With all the above unfurling in my head, my confession is this: Despite how proud I was of what we created, I got so caught up in the album coming out and shipping 1000+ pre-orders that I didn't really share it when it was released.
The Anchoress (aka musician, producer and songwriter Catherine Anne Davies) didn't just rework Depeche Mode's majestic goth-pop anthem but with director JJ Eringa, made a frame by frame recreation of the original music video, which was shot and edited on about 1% of the original music video budget (not to shatter the illusion but see if you can spot the bits done on green screen in my tiny living room!).
You can pick up a copy of the album from Drowned in Sound's bandcamp here. And you can see the videos side-by-side on director JJ Eringa's Instagram here.
Can you think of any other music videos that have done this?

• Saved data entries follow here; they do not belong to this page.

(* Let $\mathbf{i}=(i_1,\dots,i_r)$, $\mathbf{j}=(j_1,\dots,j_r)$ be sequences of positive integers with equal sums $N$, and suppose $g=\det M(\mathbf{i};\mathbf{j})$ is nonzero and irreducible. If $r=1$, then $g$ is homogeneous. If $r>1$, then the homogeneous component of $g$ of degree $\deg(g)-1$ is nonzero.
   Context: $M(\mathbf{i};\mathbf{j})$ is the $N\times N$ matrix whose rows are divided into blocks of sizes $i_1,\dots,i_r$ (top to bottom) and columns into blocks of sizes $j_r,\dots,j_1$ (left to right; the block of size $j_t$ is column block $t$). Row block $s$ has an $i_s\times j_s$ matrix $A^s$ of indeterminates in column block $s$; for $s\ge 2$ the matrix $I_{i_s,j_{s-1}}$ in column block $s-1$; zeros in column blocks $t<s-1$; and indeterminates in column blocks $t>s$. $I_{c,d}$ is the $c\times d$ matrix with $1$s on its main diagonal and $0$s elsewhere. All indeterminates are distinct. *)

From HB Require Import structures.
From mathcomp Require Import all_boot all_order all_algebra.
From mathcomp Require Import mpoly.
Set Implicit Arguments. Unset Strict Implicit. Unset Printing Implicit Defensive.
Import GRing.Theory.
Local Open Scope ring_scope.

Definition pre (s : seq nat) (k : nat) : nat := (\sum_(x <- take k s) x)%N.

(* 0-based index of the block (of sizes s, listed in order) containing position a *)
Definition blk (s : seq nat) (a : nat) : nat :=
  count (fun k => pre s k.+1 <= a)%N (iota 0 (size s)).

(* Row blocks (0-based s) have sizes i_1..i_r top to bottom; column blocks
   listed left to right have sizes j_r,...,j_1, the block at left-to-right
   position u being column block t = r-1-u (0-based). *)
Definition Mij (K : fieldType) (i j : seq nat) (N : nat) : 'M[{mpoly K[N * N]}]_N :=
  \matrix_(a < N, b < N)
    let s := blk i a in
    let p := (a - pre i s)%N in
    let u := blk (rev j) b in
    let t := ((size j).-1 - u)%N in
    let q := (b - pre (rev j) u)%N in
    if (s <= t)%N then 'X_(mxvec_index a b)
    else if s == t.+1 then (p == q)%:R
    else 0.

Definition irreducible_elt (R : comUnitRingType) (x : R) : Prop :=
  x \isn't a GRing.unit /\
  forall a b : R, x = a * b -> a \is a GRing.unit \/ b \is a GRing.unit.

From HB Require Import structures.
From mathcomp Require Import all_boot all_order all_algebra.
From mathcomp Require Import perm mpoly.
From mathcomp Require Import zify.
Set Implicit Arguments. Unset Strict Implicit. Unset Printing Implicit Defensive.
Import GRing.Theory.

(* Expanding the determinant by the Leibniz formula, each permutation meeting
   no zero entry of M(i;j) contributes a signed monomial, the product of the
   indeterminates it meets, and distinct such permutations give distinct
   monomials.  So deg g is the maximal number of indeterminates met by such a
   permutation [sg], and it suffices to find one meeting exactly one fewer.
   If [sg] avoids some 1 of an identity block, a transposition routes it
   through that 1 and loses exactly one indeterminate.  Otherwise maximality
   forces [sg] to map the rows having a nonzero entry in column block 1 onto
   that block; M(i;j) is then block triangular up to row and column
   permutations, so g splits into two determinants which both vanish at the
   origin, against irreducibility.  For r = 1 all entries are indeterminates
   and g is homogeneous of degree N. *)

Section BlockIndex.
Implicit Types (s : seq nat) (k x y : nat).

Lemma pre0 s : pre s 0 = 0.
Proof. by rewrite /pre take0 big_nil. Qed.

Lemma pre_cons y s k : pre (y :: s) k.+1 = y + pre s k.
Proof. by rewrite /pre /= big_cons. Qed.

Lemma blk_cons y s x :
  blk (y :: s) x = if x < y then 0 else (blk s (x - y)).+1.
Proof.
rewrite /blk /= -add1n iotaDl count_map /= pre_cons pre0 addn0.
case: (ltnP x y) => hxy.
  rewrite add0n; apply/eqP; rewrite -leqn0 leqNgt -has_count; apply/negP.
  by case/hasP => k _ /=; rewrite pre_cons; lia.
rewrite add1n; congr (_.+1); apply: eq_count => k /=; rewrite add1n pre_cons; lia.
Qed.

Lemma blk_lt_size s x : x < \sum_(y <- s) y -> blk s x < size s.
Proof.
elim: s x => [|y s IH] x; first by rewrite big_nil.
by rewrite big_cons blk_cons /=; case: (ltnP x y) => // h1 h2; rewrite ltnS IH //; lia.
Qed.

Lemma pre_blk_le s x : pre s (blk s x) <= x.
Proof.
elim: s x => [|y s IH] x; first by rewrite pre0.
rewrite blk_cons; case: (ltnP x y) => h; first by rewrite pre0.
by rewrite pre_cons; have := IH (x - y); lia.
Qed.

Lemma blk_offset_inj s x y :
  blk s x = blk s y -> x - pre s (blk s x) = y - pre s (blk s y) -> x = y.
Proof. by move=> e; have := pre_blk_le s x; have := pre_blk_le s y; rewrite e; lia. Qed.

Lemma blk_pre s k : k < size s -> 0 < nth 0 s k -> blk s (pre s k) = k.
Proof.
elim: s k => [|y s IH] [|k] //= hk hy; first by rewrite pre0 blk_cons hy.
by rewrite pre_cons blk_cons ltnNge leq_addr /= addKn IH.
Qed.

Lemma pre_lt_sum s k :
  k < size s -> 0 < nth 0 s k -> pre s k < \sum_(y <- s) y.
Proof.
elim: s k => [|y s IH] [|k] //= hk hy; rewrite big_cons ?pre0; first lia.
by rewrite pre_cons ltn_add2l IH.
Qed.

End BlockIndex.

Local Open Scope ring_scope.

Lemma mxvec_index_inj n (a a' b b' : 'I_n) :
  mxvec_index a b = mxvec_index a' b' -> a = a' /\ b = b'.
Proof. by move/cast_ord_inj/enum_rank_inj => [-> ->]. Qed.

Section PatternDeterminant.
Variables (K : fieldType) (n : nat) (v o : 'I_n -> 'I_n -> bool).

Definition supported (s : 'S_n) := [forall a, v a (s a) || o a (s a)].

Definition term_mon (s : 'S_n) : 'X_{1..n * n} :=
  \big[mnm_add/mnm0]_(a | v a (s a)) U_(mxvec_index a (s a))%MM.

Definition term_deg (s : 'S_n) := #|[set a | v a (s a)]|.

Lemma mdeg_term_mon s : mdeg (term_mon s) = term_deg s.
Proof.
rewrite /term_mon /term_deg mdeg_sum (eq_bigr (fun _ => 1%N)) => [|a _].
  by rewrite sum1_card cardsE.
exact: mdeg1.
Qed.

Lemma term_mon_coord s a b :
  term_mon s (mxvec_index a b) = (v a (s a) && (s a == b)) :> nat.
Proof.
rewrite /term_mon mnm_sumE.
have [/andP[va /eqP sab]|nv] := boolP (v a (s a) && (s a == b)).
  rewrite (bigD1 a) //= mnm1E sab eqxx big1 ?addn0 // => a' /andP[_ na'].
  by rewrite mnm1E; case: eqP => //= /mxvec_index_inj [ha _]; rewrite ha eqxx in na'.
rewrite big1 // => a' va'; rewrite mnm1E.
by case: eqP => //= /mxvec_index_inj [ha hb]; move: nv; rewrite -ha -hb va' eqxx.
Qed.

Hypothesis o_row : forall a b b', o a b -> o a b' -> b = b'.

(* On a supported permutation, [s a] is read off the monomial when [v a (s a)]
   and is the unique [b] with [o a b] otherwise. *)
Lemma term_mon_inj : {in supported &, injective term_mon}.
Proof.
move=> s t /forallP ss /forallP st e; apply/permP => a.
have := term_mon_coord s a (s a); have := term_mon_coord t a (s a).
have := term_mon_coord s a (t a); have := term_mon_coord t a (t a).
rewrite e !eqxx !andbT.
case vs: (v a (s a)); case vt: (v a (t a)) => /=.
- by move=> ->; case: eqP.
- by move=> _ _ ->.
- by move=> ->.
move=> _ _ _ _; apply: (@o_row a (s a) (t a)).
  by move: (ss a); rewrite vs.
by move: (st a); rewrite vt.
Qed.

Variable M : 'M[{mpoly K[n * n]}]_n.
Hypothesis M_pattern :
  forall a b, M a b = if v a b then 'X_(mxvec_index a b) else (o a b)%:R.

Join the DiScussion on the Drowned in Sound forums where they've already reminded me of the connection between the Verve, Massive Attack and Fat Les.
The Anchoress: Upcoming Live Dates
31st May NEWPORT Le Pub (headline show)
1st June OUT AND WILD FESTIVAL
17th August TRENTHAM LIVE (supporting Manic Street Preachers)
Further Exploration
¹ = in case you didn't clock the sarcasm in this comment, have a listen to season two of the Drowned in Sound podcast about the future of the music press. Available wherever you get your podcasts.
² = it sometimes feels important to put the things we create on a pedestal as "art" rather than reducing it to a cell of data on the infinite content farm.